Desde tiempos inmemoriales, el tabaco se ha utilizado como remedio espiritual, disfrute social o como acto de reflexión y de pausa, según el contexto histórico en el que nos hallemos.

Sin ir más lejos, los indígenas de América han consumido tabaco durante siglos, que lo utilizaban con fines rituales y/o medicinales. Los aztecas empleaban calor y tabaco molido para curar las mordeduras de serpiente. Los mayas hacían uso de sus hojas para sanar heridas. Los nativos que poblaban los Estados Unidos hacían servir “la pipa de la paz”, cuya práctica era una forma de comunión grupal para dejar de lado las desavenencias.

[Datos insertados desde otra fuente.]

(* For every $n\ge1$ and $k\ge0$, the following identity holds in $\mathbb C[x_1,\dots,x_n]$: $z_{2k}=-\sum_{i=1}^{k}\sigma_{2i}\,z_{2k-2i}+\sigma_{2k+1}$, where $\sigma_p=\sum_{i_1<\dots<i_p}x_{i_1}\cdots x_{i_p}$ is the $p$-th elementary symmetric polynomial ($\sigma_p=0$ for $p>n$).
   Context: $U(\mathfrak h_n)$ is the associative superalgebra generated by odd elements $\xi_1,\dots,\xi_n$ with $\xi_i\xi_j+\xi_j\xi_i=0$ for $i\neq j$; $x_i=\xi_i^2$ are central. Let $T$ be the $\mathbb C[x_1,\dots,x_n]$-linear endomorphism of the free $\mathbb C[x_1,\dots,x_n]$-module with basis $\xi_1,\dots,\xi_n$ given by $T(\xi_j)=\sum_i t_{ij}\xi_i$ with $t_{ii}=0$, $t_{ij}=x_j$ for $i<j$, $t_{ij}=-x_j$ for $i>j$. Put $\phi_0=\sum_i\xi_i$, $\phi_k=T^k(\phi_0)$, and for $k\ge0$ let $z_{2k}=\frac12(\phi_0\phi_{2k}+\phi_{2k}\phi_0)$, which lies in $\mathbb C[x_1,\dots,x_n]$. *)

From HB Require Import structures.
From mathcomp Require Import all_boot all_order all_algebra.
From mathcomp Require Import mpoly.
Set Implicit Arguments. Unset Strict Implicit. Unset Printing Implicit Defensive.
Import Order.TTheory GRing.Theory Num.Theory.
Local Open Scope ring_scope.

(* Concrete model of U(h_n): the free C[x_1..x_n]-module with basis the
   ordered monomials xi_S = xi_{s_1} ... xi_{s_k} (s_1 < ... < s_k, S a subset
   of {0..n-1}), with the multiplication induced by
   xi_i xi_j = - xi_j xi_i (i <> j) and xi_i^2 = x_i (central).
   An element is the function S |-> coefficient of xi_S. *)
Section Hn.
Variables (C : numClosedFieldType) (n : nat).

Definition UH := {ffun {set 'I_n} -> {mpoly C[n]}}.

(* sign of reordering xi_S xi_T: one transposition for every pair
   (i in S, j in T) with j < i *)
Definition sgnST (S T : {set 'I_n}) : {mpoly C[n]} :=
  (-1) ^+ #|[set p : 'I_n * 'I_n | [&& p.1 \in S, p.2 \in T & (p.2 < p.1)%N]]|.

(* xi_S xi_T = sgnST S T * (prod_{i in S :&: T} x_i) * xi_(S symdiff T) *)
Definition mulUH (u v : UH) : UH :=
  [ffun U => \sum_(S : {set 'I_n}) \sum_(T : {set 'I_n} | (S :\: T) :|: (T :\: S) == U)
      sgnST S T * (\prod_(i in S :&: T) 'X_i) * u S * v T].

Definition addUH (u v : UH) : UH := [ffun U => u U + v U].

(* element sum_i a_i xi_i of the free module with basis xi_1..xi_n *)
Definition linUH (a : 'I_n -> {mpoly C[n]}) : UH :=
  [ffun U => \sum_(i : 'I_n | U == [set i]) a i].

(* the endomorphism T : T(xi_j) = sum_i t_ij xi_i, on coefficient vectors *)
Definition tcoef (i j : 'I_n) : {mpoly C[n]} :=
  if (i < j)%N then 'X_j else if (j < i)%N then - 'X_j else 0.

Definition Tmap (a : 'I_n -> {mpoly C[n]}) : 'I_n -> {mpoly C[n]} :=
  fun i => \sum_(j : 'I_n) tcoef i j * a j.

Definition phicoef (k : nat) : 'I_n -> {mpoly C[n]} :=
  iter k Tmap (fun _ => 1).

Definition phi (k : nat) : UH := linUH (phicoef k).

Definition z2 (k : nat) : UH :=
  [ffun U => (2%:R ^-1 : C) *: addUH (mulUH (phi 0) (phi (2 * k)))
                                    (mulUH (phi (2 * k)) (phi 0)) U].

End Hn.

From HB Require Import structures.
From mathcomp Require Import all_boot all_order all_algebra.
From mathcomp Require Import mpoly ring.
Import Order.TTheory GRing.Theory Num.Theory.
Local Open Scope ring_scope.
Set Implicit Arguments. Unset Strict Implicit.

(* Anticommuting linear elements satisfy
   a b + b a = 2 sum_i a_i b_i x_i  for  a = sum_i a_i xi_i, b = sum_i b_i xi_i,
   so z_{2k} is the scalar sum_j x_j phi_{2k}(j).  To compute it, put
   P(t) = prod_j (1 + x_j t), Q(t) = prod_j (1 - x_j t) and
   U_i(t) = 2 prod_{j<i} (1 - x_j t) prod_{j>i} (1 + x_j t).
   Telescoping the products gives U = P + Q + t T U and sum_j x_j t U_j = P - Q.
   The first identity says that the coefficient of t^m in U_i is
   sum_l (P + Q)_l phi_{m-l}(i).  Reading the second at t^{2k+1}, where
   (P + Q)_l is 2 sigma_l for even l and 0 for odd l while
   (P - Q)_{2k+1} = 2 sigma_{2k+1}, yields
   sum_{i<=k} sigma_{2i} z_{2k-2i} = sigma_{2k+1}. *)

Section FlipProd.
Context {R : comNzRingType} (n : nat) (y : nat -> R).

Definition flip_prod i :=
  \prod_(0 <= j < i) (1 - y j) * \prod_(i <= j < n) (1 + y j).

Definition flip_prod_skip i :=
  \prod_(0 <= j < i) (1 - y j) * \prod_(i.+1 <= j < n) (1 + y j).

Lemma flip_prod0 : flip_prod 0 = \prod_(0 <= j < n) (1 + y j).
Proof. by rewrite /flip_prod big_geq // mul1r. Qed.

Lemma flip_prodn : flip_prod n = \prod_(0 <= j < n) (1 - y j).
Proof. by rewrite /flip_prod [X in _ * X]big_geq // mulr1. Qed.

Lemma flip_prod_skipD i : (i < n)%N -> flip_prod_skip i * (1 + y i) = flip_prod i.
Proof. by move=> lt_in; rewrite /flip_prod /flip_prod_skip (big_ltn lt_in); ring. Qed.

Lemma flip_prod_skipB i : (i < n)%N -> flip_prod_skip i * (1 - y i) = flip_prod i.+1.
Proof. by move=> lt_in; rewrite /flip_prod /flip_prod_skip big_nat_recr //= mulrAC. Qed.

Lemma flip_prodB i : (i < n)%N ->
  (y i * flip_prod_skip i) *+ 2 = flip_prod i - flip_prod i.+1.
Proof.
move=> lt_in; rewrite -(flip_prod_skipD lt_in) -(flip_prod_skipB lt_in).
by move: (flip_prod_skip i) (y i) => a b; ring.
Qed.

Lemma flip_prodD i : (i < n)%N -> flip_prod_skip i *+ 2 = flip_prod i + flip_prod i.+1.
Proof.
move=> lt_in; rewrite -(flip_prod_skipD lt_in) -(flip_prod_skipB lt_in).
by move: (flip_prod_skip i) (y i) => a b; ring.
Qed.

Lemma telescope_flip_prod m p : (m <= p <= n)%N ->
  \sum_(m <= j < p) (y j * flip_prod_skip j) *+ 2 = flip_prod m - flip_prod p.
Proof.
case/andP=> le_mp le_pn.
rewrite (telescope_sumr_eq (fun j => - flip_prod j)) ?opprK 1?addrC //.
move=> j /andP[_ lt_jp]; rewrite flip_prodB ?opprK 1?addrC //.
exact: leq_trans lt_jp le_pn.
Qed.

Lemma flip_prod_skip_balance i : (i < n)%N ->
  flip_prod_skip i *+ 2 - \sum_(i.+1 <= j < n) (y j * flip_prod_skip j) *+ 2
    + \sum_(0 <= j < i) (y j * flip_prod_skip j) *+ 2 = flip_prod 0 + flip_prod n.
Proof.
move=> lt_in; have le_in := ltnW lt_in.
rewrite !telescope_flip_prod ?lt_in ?le_in ?leqnn // flip_prodD //.
by move: (flip_prod 0) (flip_prod n) (flip_prod i) (flip_prod i.+1) => a b c d; ring.
Qed.

End FlipProd.

Lemma coef_prod_1DCX (R : comNzRingType) (I : finType) (c : I -> R) p :
  (\prod_(i : I) (1 + (c i)%:P * 'X))`_p =
  \sum_(J : {set I} | #|J| == p) \prod_(i in J) c i.
Proof.
under eq_bigr do rewrite addrC.
rewrite bigA_distr coef_sum [RHS]big_mkcond /=.
apply: eq_bigr => J _; rewrite -big_mkcond /= big_split /= prodr_const.
rewrite -rmorph_prod coefCM coefXn.
by case: eqP => [->|/nesym/eqP/negbTE->]; rewrite ?eqxx ?mulr1 ?mulr0.
Qed.

Lemma sum_ord_even (V : zmodType) (F : nat -> V) k :
  (forall l, odd l -> F l = 0) ->
  \sum_(l < (2 * k).+1) F l = \sum_(i < k.+1) F (2 * i)%N.
Proof.
move=> F_odd; elim: k => [|k IH]; first by rewrite !big_ord1.
rewrite mulnS !addSn add0n big_ord_recr /= big_ord_recr /= IH.
rewrite F_odd ?addr0; last by rewrite /= oddM.
by rewrite [in RHS]big_ord_recr /= mulnS.
Qed.

Lemma scaleV2_mulr2n (F : numFieldType) (V : lmodType F) (v : V) :
  (2%:R^-1 : F) *: (v *+ 2) = v.
Proof. by rewrite -scalerMnr scalerMnl -mulr_natr mulVf ?pnatr_eq0 ?scale1r. Qed.

Section Anticommutator.
Variables (C : numClosedFieldType) (n : nat).
Local Notation R := {mpoly C[n]}.

Definition mulUH_coef (U S T : {set 'I_n}) : R :=
  ((S :\: T) :|: (T :\: S) == U)%:R * sgnST C S T * \prod_(i in S :&: T) 'X_i.

Lemma sgnST_set1 (i j : 'I_n) :
  sgnST C [set i] [set j] = if (j < i)%N then -1 else 1.
Proof.
rewrite /sgnST; case: ltnP => [lt_ji|le_ij].
  rewrite (_ : [set p : 'I_n * 'I_n | _] = [set (i, j)]) ?cards1 ?expr1 //.
  apply/setP => -[p1 p2]; rewrite !inE /= xpair_eqE.
  by case: eqP => [->|] //=; case: eqP => [->|] //=; rewrite lt_ji.
rewrite (_ : [set p : 'I_n * 'I_n | _] = set0) ?cards0 ?expr0 //.
apply/setP => -[p1 p2]; rewrite !inE /=.
by case: eqP => [->|] //=; case: eqP => [->|] //=; rewrite ltnNge le_ij.
Qed.

Lemma mulUH_coef_anticomm U (i j : 'I_n) :
  mulUH_coef U [set i] [set j] + mulUH_coef U [set j] [set i] =
  ((i == j) && (U == set0))%:R * 'X_i *+ 2.
Proof.
rewrite /mulUH_coef; case: (eqVneq i j) => [<-|neq_ij] /=.
  by rewrite setDv setU0 setIid big_set1 sgnST_set1 ltnn eq_sym mulr2n; ring.
have disj_ij : [set i] :&: [set j] = set0.
  by apply/setP => x; rewrite !inE; case: eqP => // ->; rewrite (negbTE neq_ij).
rewrite disj_ij setIC disj_ij big_set0 setUC !sgnST_set1 mul0r mul0rn.
case: ltngtP neq_ij => [_ _|_ _|/val_inj->]; last by rewrite eqxx.
  by move: (_%:R) => c; ring.
by move: (_%:R) => c; ring.
Qed.

Lemma sum_set1_coef (G : {set 'I_n} -> R) (a : 'I_n -> R) :
  \sum_(S : {set 'I_n}) (\sum_(i | S == [set i]) a i) * G S =
  \sum_(i : 'I_n) a i * G [set i].
Proof.
under eq_bigr do rewrite mulr_suml big_mkcond /=.
rewrite exchange_big /=; apply: eq_bigr => i _.
by rewrite -big_mkcond /= big_pred1_eq.
Qed.

Lemma mulUH_linUH (a b : 'I_n -> R) U :
  mulUH (linUH a) (linUH b) U =
  \sum_i a i * \sum_j b j * mulUH_coef U [set i] [set j].
Proof.
rewrite ffunE; transitivity (\sum_S (\sum_(i | S == [set i]) a i) *
  \sum_T (\sum_(j | T == [set j]) b j) * mulUH_coef U S T); last first.
  by rewrite sum_set1_coef; under eq_bigr do rewrite sum_set1_coef.
apply: eq_bigr => S _; rewrite big_mkcond mulr_sumr; apply: eq_bigr => T _.
rewrite !ffunE /mulUH_coef; case: (_ == U); last by rewrite !mul0r !mulr0.
by rewrite mul1r; ring.
Qed.

Lemma anticomm_linUH (a b : 'I_n -> R) U :
  mulUH (linUH a) (linUH b) U + mulUH (linUH b) (linUH a) U =
  \sum_i a i * b i * ((U == set0)%:R * 'X_i *+ 2).
Proof.
rewrite !mulUH_linUH.
have swap_ab : \sum_i b i * \sum_j a j * mulUH_coef U [set i] [set j] =
    \sum_i \sum_j a i * b j * mulUH_coef U [set j] [set i].
  under eq_bigr do rewrite mulr_sumr.
  rewrite exchange_big /=; apply: eq_bigr => i _; apply: eq_bigr => j _.
  by move: (mulUH_coef _ _ _) => g; ring.
rewrite swap_ab; under eq_bigr do rewrite mulr_sumr.
rewrite -big_split /=; apply: eq_bigr => i _.
rewrite -big_split /= (bigD1 i) //= big1 => [|j neq_ji].
  by rewrite addr0 mulrA -mulrDr mulUH_coef_anticomm eqxx.
by rewrite mulrA -mulrDr mulUH_coef_anticomm eq_sym (negbTE neq_ji) mul0r mul0rn mulr0.
Qed.

Lemma phicoefS s (i : 'I_n) :
  phicoef C s.+1 i = \sum_(j : 'I_n) tcoef C i j * phicoef C s j.
Proof. by []. Qed.

Definition zpoly (s : nat) : R := \sum_(j : 'I_n) 'X_j * phicoef C s j.

Lemma z2E k U : z2 C n k U = (U == set0)%:R * zpoly (2 * k).
Proof.
rewrite ffunE ffunE anticomm_linUH -[RHS]scaleV2_mulr2n; congr (_ *: _).
rewrite /zpoly mulr_sumr -sumrMnl; apply: eq_bigr => i _.
by rewrite [phicoef C 0 i]/phicoef /= mul1r; move: (phicoef _ _ _) (_%:R) => p c; ring.
Qed.

End Anticommutator.

Section GeneratingFunctions.
Variables (C : numClosedFieldType) (n' : nat).
Local Notation n := n'.+1.
Local Notation R := {mpoly C[n]}.

(* x_j t, indexed by nat (through inord) to fit the telescoping lemmas *)
Definition xt (j : nat) : {poly R} := ('X_(inord j))%:P * 'X.

Definition Ugen (i : nat) : {poly R} := flip_prod_skip n xt i *+ 2.
Definition Pgen : {poly R} := flip_prod n xt 0.
Definition Qgen : {poly R} := flip_prod n xt n.

Lemma mulX_sum_tcoef (F : nat -> {poly R}) (i : 'I_n) :
  'X * \sum_(j : 'I_n) (tcoef C i j)%:P * F j =
  \sum_(i.+1 <= j < n) xt j * F j - \sum_(0 <= j < i) xt j * F j.
Proof.
have lt_in := ltn_ord i.
transitivity (\sum_(0 <= j < n) 'X * ((tcoef C i (inord j))%:P * F j)).
  by rewrite mulr_sumr big_mkord; apply: eq_bigr => j _; rewrite inord_val.
rewrite (@big_cat_nat _ _ _ i) ?(ltnW lt_in) // (big_ltn lt_in) /=.
rewrite inord_val /tcoef ltnn polyC0 mul0r mulr0 add0r addrC -sumrN.
congr (_ + _); apply: eq_big_nat => j /andP[lo_j hi_j].
  by rewrite /tcoef inordK // lo_j /xt mulrCA mulrA.
rewrite /tcoef (inordK (ltn_trans hi_j lt_in)) ltnNge (ltnW hi_j) hi_j /=.
by rewrite /xt rmorphN mulNr mulrN mulrCA mulrA.
Qed.

Lemma sum_xt_Ugen_nat m p :
  \sum_(m <= j < p) xt j * Ugen j =
  \sum_(m <= j < p) (xt j * flip_prod_skip n xt j) *+ 2.
Proof. by apply: eq_bigr => j _; rewrite mulrnAr. Qed.

Lemma Ugen_fixpoint (i : 'I_n) :
  Ugen i = Pgen + Qgen + 'X * \sum_(j : 'I_n) (tcoef C i j)%:P * Ugen j.
Proof.
rewrite mulX_sum_tcoef !sum_xt_Ugen_nat /Pgen /Qgen.
rewrite -(flip_prod_skip_balance xt (ltn_ord i)) -/(Ugen i).
by move: (Ugen i) (\sum_(_ <= _ < _ | _) _) (\sum_(_ <= _ < i | _) _) => u s t; ring.
Qed.

Lemma sum_xt_Ugen : \sum_(j < n) xt j * Ugen j = Pgen - Qgen.
Proof.
rewrite -(big_mkord xpredT (fun j => xt j * Ugen j)) sum_xt_Ugen_nat.
by rewrite telescope_flip_prod ?leqnn.
Qed.

Lemma coef_Ugen m (i : 'I_n) :
  (Ugen i)`_m = \sum_(l < m.+1) (Pgen + Qgen)`_l * phicoef C (m - l) i.
Proof.
elim: m i => [|m IH] i.
  rewrite Ugen_fixpoint coefD mulrC coefMX addr0 big_ord1.
  by rewrite [phicoef _ _ _]/phicoef /= mulr1.
rewrite Ugen_fixpoint coefD mulrC coefMX /= coef_sum [RHS]big_ord_recr /=.
rewrite subnn [phicoef C 0 i]/phicoef /= mulr1 addrC; congr (_ + _).
under eq_bigr do rewrite coefCM IH mulr_sumr.
rewrite exchange_big /=; apply: eq_bigr => l _.
have le_lm : (l <= m)%N := ltn_ord l.
rewrite (subSn le_lm) phicoefS mulr_sumr; apply: eq_bigr => j _.
exact: mulrCA.
Qed.

Lemma coef_Pgen p : Pgen`_p = mesym n C p.
Proof.
rewrite /Pgen flip_prod0 big_mkord.
under eq_bigr => j _ do rewrite /xt inord_val.
by rewrite coef_prod_1DCX.
Qed.

Lemma coef_Qgen p : Qgen`_p = (-1) ^+ p * mesym n C p.
Proof.
rewrite /Qgen flip_prodn big_mkord.
under eq_bigr => j _ do rewrite /xt inord_val -mulNr -polyCN.
rewrite coef_prod_1DCX /mesym mulr_sumr; apply: eq_bigr => J /eqP card_J.
by rewrite prodrN card_J.
Qed.

Lemma coef_sum_xt_Ugen m :
  (\sum_(j < n) xt j * Ugen j)`_m.+1 =
  \sum_(l < m.+1) (Pgen + Qgen)`_l * zpoly C n (m - l).
Proof.
rewrite coef_sum.
under eq_bigr => j _ do
  rewrite /xt -mulrA coefCM coefXM /= inord_val coef_Ugen mulr_sumr.
rewrite exchange_big /zpoly; apply: eq_bigr => l _; rewrite mulr_sumr.
by apply: eq_bigr => j _; rewrite mulrCA.
Qed.

Lemma zpoly_convolution k :
  \sum_(i < k.+1) mesym n C (2 * i) * zpoly C n (2 * k - 2 * i) = mesym n C (2 * k + 1).
Proof.
have := congr1 (fun p : {poly R} => p`_(2 * k).+1) sum_xt_Ugen.
rewrite /= coef_sum_xt_Ugen coefB coef_Pgen coef_Qgen.
rewrite (@sum_ord_even _ (fun l => (Pgen + Qgen)`_l * zpoly C n (2 * k - l)));
  last by move=> l odd_l; rewrite coefD coef_Pgen coef_Qgen -signr_odd odd_l
                                  mulN1r addrN mul0r.
rewrite -signr_odd /= oddM /= mulN1r opprK -mulr2n addn1 => conv2.
apply: (can_inj (@scaleV2_mulr2n C _)); rewrite /= -conv2 -sumrMnl.
apply: eq_bigr => i _.
by rewrite coefD coef_Pgen coef_Qgen -signr_odd oddM /= mul1r -mulr2n mulrnAl.
Qed.

Lemma zpoly_recursion k :
  zpoly C n (2 * k) =
  - (\sum_(1 <= i < k.+1) mesym n C (2 * i) * zpoly C n (2 * (k - i)))
  + mesym n C (2 * k + 1).
Proof.
rewrite -zpoly_convolution big_ord_recl muln0 subn0 mesym0E mul1r.
rewrite (eq_bigr (fun i : 'I_k => mesym n C (2 * i.+1) * zpoly C n (2 * (k - i.+1)))).
  by rewrite big_add1 big_mkord addrCA addNr addr0.
by move=> i _; rewrite mulnBr.
Qed.

End GeneratingFunctions.

Theorem lemma5p4 (C : numClosedFieldType) (n k : nat) (hn : (1 <= n)%N) :
  z2 C n k =
  [ffun U : {set 'I_n} =>
     - (\sum_(1 <= i < k.+1) mesym n C (2 * i) * z2 C n (k - i) U)
     + (U == set0)%:R * mesym n C (2 * k + 1)].
Proof.
case: n hn => // n _; apply/ffunP => U.
rewrite z2E ffunE zpoly_recursion mulrDr mulrN mulr_sumr.
by congr (- _ + _); apply: eq_bigr => i _; rewrite z2E mulrCA.
Qed.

En Europa se popularizó a raíz de Jean Nicot, médico francés del siglo XVI, que empleó la hoja del tabaco para aliviar las migrañas que padecía Catalina de Médicis, esposa del rey Enrique II. Por aquel entonces, al tabaco se le conocía como “hierba santa o hierba para todos los males”, término acuñado en el libro Historia medicinal de las cosas que se traen de nuestras Indias Occidentales, publicado en Sevilla en 1580 y en el cual el físico botánico Nicolás Monardes recomienda el tabaco como cura para 36 enfermedades.

Otro documento que da fe de sus bondades es la Disertación sobre la naturaleza y efectos del tabaco de Hipólito Unanue, publicado en Perú en 1792, donde afirma que «los unos consideran al tabaco como el remedio universal y la yerba más privilegiada de cuantas abriga la naturaleza en su fecundo seno”, haciéndose eco de la veneración que la planta gozaba entre los nativos americanos.

Los lapones de Suecia aplicaban ceniza de tabaco para curar la calvicie y recuperar el pelo perdido. No hace muchos años, en Holanda se usaban hojas de tabaco contra el dolor de muelas.

Si avanzamos hasta el siglo XXI, podríamos decir que las cualidades de los puros han evolucionado a la par que la sociedad. El ritual del encendido y degustación es un oasis que nos aísla de las prisas y contratiempos. Siempre está presente en las grandes ocasiones y es un compañero fiel en los momentos de relajación y placer.